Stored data
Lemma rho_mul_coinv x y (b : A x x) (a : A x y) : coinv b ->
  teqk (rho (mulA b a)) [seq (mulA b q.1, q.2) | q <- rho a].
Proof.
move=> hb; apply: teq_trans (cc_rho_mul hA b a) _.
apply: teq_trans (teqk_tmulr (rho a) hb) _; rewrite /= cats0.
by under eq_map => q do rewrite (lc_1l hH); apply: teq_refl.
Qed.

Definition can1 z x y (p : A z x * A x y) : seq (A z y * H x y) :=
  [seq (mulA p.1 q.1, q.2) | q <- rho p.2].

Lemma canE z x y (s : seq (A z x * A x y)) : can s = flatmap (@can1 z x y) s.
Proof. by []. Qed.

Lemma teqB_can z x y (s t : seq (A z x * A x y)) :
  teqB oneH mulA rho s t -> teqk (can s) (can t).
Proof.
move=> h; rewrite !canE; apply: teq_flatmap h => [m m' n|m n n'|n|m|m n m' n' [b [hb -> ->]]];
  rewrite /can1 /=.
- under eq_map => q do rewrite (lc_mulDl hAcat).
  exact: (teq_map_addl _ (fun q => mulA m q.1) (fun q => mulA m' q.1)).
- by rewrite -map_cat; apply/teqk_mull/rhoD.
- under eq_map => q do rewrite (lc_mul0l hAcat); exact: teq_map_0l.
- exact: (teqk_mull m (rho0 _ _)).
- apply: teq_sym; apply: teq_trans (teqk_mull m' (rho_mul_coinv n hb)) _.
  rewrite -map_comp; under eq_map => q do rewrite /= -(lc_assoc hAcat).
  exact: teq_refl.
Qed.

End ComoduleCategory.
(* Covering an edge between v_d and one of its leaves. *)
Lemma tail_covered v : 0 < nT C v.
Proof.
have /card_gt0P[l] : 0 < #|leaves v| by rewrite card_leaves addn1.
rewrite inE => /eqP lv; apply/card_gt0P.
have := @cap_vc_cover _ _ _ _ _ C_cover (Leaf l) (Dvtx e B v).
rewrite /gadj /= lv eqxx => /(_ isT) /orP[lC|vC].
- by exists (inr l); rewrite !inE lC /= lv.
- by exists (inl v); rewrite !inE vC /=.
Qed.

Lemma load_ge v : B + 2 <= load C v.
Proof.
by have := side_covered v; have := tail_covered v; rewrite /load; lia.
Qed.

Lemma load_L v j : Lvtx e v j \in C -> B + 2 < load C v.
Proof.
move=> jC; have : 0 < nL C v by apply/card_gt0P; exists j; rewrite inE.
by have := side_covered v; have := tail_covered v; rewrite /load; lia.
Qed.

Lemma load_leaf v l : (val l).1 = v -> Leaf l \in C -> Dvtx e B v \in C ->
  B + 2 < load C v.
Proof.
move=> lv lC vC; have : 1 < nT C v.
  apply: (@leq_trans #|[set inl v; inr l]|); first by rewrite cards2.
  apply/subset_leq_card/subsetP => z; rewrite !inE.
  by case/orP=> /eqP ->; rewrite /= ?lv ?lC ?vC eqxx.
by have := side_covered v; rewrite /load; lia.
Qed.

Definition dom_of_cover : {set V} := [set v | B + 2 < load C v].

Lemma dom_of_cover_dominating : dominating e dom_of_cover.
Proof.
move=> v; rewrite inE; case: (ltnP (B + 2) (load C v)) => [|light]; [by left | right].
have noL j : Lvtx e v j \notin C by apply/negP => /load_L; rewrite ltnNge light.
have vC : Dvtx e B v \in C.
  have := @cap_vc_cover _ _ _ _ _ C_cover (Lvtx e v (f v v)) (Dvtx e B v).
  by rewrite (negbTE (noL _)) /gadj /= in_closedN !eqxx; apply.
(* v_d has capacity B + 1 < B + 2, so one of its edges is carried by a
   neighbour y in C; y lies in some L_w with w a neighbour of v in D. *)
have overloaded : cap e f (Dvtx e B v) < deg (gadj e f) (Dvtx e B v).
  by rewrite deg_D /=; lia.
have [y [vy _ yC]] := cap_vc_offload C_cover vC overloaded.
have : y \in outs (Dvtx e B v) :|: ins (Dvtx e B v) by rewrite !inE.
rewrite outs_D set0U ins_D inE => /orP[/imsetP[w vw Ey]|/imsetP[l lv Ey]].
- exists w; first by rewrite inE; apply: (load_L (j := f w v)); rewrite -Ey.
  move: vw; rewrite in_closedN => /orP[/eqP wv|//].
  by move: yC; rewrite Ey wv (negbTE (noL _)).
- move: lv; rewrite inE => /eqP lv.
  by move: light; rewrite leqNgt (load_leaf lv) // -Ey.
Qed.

WORK TASK: A count is needed of the lines in this data that contain "Dvtx"; give the number and no other text.

REPLY TO THE TASK: 6